START Information

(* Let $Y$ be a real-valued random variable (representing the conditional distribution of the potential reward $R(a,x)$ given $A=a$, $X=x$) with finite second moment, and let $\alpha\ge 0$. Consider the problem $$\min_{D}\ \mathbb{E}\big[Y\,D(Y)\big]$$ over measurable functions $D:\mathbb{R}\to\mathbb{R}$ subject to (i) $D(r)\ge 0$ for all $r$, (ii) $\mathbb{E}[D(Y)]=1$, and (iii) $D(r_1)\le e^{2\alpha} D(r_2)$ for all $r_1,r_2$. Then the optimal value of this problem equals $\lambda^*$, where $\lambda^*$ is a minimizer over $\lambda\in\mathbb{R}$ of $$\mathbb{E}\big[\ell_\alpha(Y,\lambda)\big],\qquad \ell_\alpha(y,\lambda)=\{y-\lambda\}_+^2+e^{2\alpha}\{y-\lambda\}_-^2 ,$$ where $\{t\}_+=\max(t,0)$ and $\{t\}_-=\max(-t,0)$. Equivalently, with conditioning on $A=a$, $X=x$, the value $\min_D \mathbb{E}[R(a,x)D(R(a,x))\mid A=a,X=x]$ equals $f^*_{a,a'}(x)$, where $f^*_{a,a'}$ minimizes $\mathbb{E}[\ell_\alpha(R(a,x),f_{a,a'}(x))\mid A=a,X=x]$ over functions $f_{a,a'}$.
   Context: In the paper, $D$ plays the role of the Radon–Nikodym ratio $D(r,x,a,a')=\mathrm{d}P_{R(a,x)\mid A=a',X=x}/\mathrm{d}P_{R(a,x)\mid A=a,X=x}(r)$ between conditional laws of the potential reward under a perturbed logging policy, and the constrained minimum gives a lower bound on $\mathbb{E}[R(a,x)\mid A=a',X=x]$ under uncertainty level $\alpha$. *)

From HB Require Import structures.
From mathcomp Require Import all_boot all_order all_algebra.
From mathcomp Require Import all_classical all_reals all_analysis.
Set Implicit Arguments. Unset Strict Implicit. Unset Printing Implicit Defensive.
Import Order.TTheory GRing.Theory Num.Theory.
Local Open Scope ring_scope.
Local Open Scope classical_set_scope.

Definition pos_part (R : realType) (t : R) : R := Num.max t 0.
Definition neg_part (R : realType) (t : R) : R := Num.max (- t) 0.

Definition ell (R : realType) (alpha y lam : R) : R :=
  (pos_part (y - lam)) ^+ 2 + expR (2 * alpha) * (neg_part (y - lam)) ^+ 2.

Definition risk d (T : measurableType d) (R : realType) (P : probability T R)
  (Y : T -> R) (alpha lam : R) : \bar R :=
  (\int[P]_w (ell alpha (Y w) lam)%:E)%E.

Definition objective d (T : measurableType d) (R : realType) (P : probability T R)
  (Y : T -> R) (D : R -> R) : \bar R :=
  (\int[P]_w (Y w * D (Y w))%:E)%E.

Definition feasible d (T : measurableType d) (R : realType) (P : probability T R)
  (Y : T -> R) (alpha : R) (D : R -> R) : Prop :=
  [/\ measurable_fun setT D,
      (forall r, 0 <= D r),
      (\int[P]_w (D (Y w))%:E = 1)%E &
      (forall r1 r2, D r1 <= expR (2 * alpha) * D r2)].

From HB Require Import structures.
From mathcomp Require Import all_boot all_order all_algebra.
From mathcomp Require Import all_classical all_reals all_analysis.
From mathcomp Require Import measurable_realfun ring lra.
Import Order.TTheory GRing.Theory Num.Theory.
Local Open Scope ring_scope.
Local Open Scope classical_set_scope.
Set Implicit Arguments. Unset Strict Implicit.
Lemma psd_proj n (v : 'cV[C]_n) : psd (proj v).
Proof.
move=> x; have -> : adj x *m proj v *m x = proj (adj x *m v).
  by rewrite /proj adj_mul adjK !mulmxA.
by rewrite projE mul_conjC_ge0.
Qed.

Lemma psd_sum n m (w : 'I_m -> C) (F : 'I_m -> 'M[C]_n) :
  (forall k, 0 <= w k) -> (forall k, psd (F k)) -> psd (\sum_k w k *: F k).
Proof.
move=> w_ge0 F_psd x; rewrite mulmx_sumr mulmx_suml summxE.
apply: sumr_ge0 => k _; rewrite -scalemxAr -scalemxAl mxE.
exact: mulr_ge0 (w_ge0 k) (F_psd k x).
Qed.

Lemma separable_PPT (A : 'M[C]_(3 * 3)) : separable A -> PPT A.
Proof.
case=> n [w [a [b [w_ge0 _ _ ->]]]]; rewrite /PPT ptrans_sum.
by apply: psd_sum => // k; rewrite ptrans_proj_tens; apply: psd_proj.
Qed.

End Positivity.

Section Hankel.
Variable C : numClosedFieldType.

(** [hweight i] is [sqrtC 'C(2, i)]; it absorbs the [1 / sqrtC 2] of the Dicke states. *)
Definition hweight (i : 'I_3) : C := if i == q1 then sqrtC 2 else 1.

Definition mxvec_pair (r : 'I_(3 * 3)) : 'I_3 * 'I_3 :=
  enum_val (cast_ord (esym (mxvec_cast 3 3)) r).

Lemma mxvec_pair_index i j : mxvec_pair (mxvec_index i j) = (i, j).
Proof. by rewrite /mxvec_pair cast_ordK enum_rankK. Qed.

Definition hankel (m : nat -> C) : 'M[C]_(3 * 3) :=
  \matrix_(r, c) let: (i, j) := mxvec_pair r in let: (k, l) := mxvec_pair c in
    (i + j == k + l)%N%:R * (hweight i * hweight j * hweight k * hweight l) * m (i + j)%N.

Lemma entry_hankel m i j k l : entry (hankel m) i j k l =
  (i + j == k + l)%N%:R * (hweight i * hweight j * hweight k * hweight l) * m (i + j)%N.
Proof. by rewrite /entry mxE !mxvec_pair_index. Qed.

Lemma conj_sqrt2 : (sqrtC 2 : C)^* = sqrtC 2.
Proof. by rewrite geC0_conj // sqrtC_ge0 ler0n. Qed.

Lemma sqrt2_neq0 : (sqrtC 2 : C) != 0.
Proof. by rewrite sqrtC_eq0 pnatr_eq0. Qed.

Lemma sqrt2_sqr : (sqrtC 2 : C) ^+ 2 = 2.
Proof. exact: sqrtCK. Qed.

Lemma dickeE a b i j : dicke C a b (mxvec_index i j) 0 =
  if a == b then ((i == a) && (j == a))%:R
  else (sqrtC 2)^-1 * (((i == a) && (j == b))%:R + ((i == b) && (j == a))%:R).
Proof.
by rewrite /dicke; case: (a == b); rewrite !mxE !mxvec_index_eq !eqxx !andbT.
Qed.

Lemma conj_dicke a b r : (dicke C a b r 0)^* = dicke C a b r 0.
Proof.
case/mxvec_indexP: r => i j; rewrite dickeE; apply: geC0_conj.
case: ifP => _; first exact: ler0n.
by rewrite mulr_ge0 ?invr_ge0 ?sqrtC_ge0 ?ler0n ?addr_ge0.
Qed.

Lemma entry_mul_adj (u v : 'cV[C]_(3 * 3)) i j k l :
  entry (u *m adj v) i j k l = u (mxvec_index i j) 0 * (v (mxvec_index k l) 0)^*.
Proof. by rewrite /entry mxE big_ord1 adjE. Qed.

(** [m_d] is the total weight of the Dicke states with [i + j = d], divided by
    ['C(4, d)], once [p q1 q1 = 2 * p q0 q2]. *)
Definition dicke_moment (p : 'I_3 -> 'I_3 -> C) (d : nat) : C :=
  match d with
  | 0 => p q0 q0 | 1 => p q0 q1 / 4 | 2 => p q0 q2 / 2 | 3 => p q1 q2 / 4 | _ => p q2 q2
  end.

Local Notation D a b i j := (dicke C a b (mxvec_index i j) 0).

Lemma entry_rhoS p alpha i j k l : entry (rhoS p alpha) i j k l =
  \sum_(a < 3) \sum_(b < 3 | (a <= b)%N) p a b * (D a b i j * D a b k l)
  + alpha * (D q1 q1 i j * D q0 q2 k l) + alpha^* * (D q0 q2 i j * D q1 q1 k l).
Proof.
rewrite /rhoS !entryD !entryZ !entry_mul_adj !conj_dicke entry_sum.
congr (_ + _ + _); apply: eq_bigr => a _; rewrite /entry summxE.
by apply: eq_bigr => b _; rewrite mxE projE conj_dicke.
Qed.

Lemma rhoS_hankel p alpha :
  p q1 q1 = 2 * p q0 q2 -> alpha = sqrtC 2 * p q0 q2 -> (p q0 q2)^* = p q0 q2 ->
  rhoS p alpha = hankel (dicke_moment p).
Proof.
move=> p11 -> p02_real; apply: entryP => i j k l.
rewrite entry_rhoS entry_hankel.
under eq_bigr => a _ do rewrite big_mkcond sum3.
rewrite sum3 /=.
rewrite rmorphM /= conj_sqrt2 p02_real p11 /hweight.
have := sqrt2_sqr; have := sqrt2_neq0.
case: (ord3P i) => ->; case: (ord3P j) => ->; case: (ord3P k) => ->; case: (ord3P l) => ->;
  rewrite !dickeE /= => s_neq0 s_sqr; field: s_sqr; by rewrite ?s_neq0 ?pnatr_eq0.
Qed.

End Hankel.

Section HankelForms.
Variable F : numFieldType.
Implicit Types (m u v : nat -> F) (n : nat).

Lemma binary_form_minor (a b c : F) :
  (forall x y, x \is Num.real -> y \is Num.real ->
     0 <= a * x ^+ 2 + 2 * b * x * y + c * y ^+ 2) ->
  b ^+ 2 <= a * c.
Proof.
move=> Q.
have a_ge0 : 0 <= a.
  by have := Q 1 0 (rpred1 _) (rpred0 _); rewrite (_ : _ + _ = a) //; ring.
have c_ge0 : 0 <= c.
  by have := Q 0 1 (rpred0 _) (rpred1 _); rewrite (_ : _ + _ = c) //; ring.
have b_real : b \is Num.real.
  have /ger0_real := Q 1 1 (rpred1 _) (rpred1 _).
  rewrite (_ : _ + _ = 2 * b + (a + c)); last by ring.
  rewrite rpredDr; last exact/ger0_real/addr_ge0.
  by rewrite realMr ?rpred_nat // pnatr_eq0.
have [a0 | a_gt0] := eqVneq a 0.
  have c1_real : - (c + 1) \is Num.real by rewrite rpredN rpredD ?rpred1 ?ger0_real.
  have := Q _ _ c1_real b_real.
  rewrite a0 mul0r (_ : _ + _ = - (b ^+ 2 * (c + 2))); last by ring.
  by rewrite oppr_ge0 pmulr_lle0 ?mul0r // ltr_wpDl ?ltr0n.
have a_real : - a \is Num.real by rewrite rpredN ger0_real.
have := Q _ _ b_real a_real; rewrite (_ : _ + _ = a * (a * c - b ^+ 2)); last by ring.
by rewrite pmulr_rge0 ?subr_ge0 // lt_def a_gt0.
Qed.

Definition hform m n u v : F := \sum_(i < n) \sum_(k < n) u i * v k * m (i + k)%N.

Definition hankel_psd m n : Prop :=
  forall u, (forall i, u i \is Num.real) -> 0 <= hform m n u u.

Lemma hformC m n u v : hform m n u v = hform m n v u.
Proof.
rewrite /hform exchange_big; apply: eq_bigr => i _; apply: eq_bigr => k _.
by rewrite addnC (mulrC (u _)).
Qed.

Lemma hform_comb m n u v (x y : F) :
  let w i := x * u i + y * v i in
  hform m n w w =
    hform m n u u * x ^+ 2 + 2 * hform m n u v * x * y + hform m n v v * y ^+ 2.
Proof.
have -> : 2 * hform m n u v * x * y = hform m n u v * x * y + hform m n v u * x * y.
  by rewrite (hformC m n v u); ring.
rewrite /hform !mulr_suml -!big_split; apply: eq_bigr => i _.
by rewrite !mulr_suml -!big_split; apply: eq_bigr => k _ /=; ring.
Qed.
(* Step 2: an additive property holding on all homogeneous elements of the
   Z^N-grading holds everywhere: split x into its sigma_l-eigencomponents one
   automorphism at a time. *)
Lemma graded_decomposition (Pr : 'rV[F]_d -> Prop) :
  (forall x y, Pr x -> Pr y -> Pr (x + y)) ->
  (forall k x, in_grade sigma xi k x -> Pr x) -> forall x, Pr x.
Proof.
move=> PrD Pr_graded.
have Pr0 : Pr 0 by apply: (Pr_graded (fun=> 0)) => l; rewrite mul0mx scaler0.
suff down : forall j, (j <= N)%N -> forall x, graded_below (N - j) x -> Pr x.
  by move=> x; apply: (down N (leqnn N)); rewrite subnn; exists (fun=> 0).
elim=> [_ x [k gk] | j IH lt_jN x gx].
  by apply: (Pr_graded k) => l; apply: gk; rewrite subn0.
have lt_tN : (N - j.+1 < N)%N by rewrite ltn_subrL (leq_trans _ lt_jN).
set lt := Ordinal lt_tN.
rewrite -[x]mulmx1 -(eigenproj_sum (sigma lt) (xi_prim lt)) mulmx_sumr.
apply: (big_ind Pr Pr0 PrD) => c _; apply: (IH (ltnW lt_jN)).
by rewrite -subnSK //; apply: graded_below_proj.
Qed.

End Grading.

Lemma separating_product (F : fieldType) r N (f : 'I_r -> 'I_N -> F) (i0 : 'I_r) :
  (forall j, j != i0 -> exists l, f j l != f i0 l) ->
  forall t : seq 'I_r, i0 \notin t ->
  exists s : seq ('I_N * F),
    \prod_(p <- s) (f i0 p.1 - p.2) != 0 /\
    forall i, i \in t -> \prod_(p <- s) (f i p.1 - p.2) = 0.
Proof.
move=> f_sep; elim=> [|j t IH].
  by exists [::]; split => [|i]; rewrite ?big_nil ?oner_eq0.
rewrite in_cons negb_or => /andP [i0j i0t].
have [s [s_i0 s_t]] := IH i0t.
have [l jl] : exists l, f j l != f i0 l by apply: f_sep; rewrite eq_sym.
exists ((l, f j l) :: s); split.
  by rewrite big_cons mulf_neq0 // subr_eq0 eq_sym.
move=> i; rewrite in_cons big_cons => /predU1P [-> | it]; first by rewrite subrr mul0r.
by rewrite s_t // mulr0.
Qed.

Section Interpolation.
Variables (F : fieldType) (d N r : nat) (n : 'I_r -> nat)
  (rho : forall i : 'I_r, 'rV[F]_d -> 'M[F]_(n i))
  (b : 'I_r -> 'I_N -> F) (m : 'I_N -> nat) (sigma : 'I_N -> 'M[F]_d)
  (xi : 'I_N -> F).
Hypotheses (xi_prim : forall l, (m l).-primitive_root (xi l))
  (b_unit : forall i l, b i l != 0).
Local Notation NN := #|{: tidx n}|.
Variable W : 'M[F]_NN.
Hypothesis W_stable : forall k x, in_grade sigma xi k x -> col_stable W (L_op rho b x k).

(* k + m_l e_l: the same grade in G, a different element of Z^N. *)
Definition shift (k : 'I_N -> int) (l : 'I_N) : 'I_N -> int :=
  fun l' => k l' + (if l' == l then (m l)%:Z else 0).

END Information

■ Exercise directions:
Go through the data and show each line that holds "Unset".

■ Response:
Set Implicit Arguments. Unset Strict Implicit. Unset Printing Implicit Defensive.
Set Implicit Arguments. Unset Strict Implicit.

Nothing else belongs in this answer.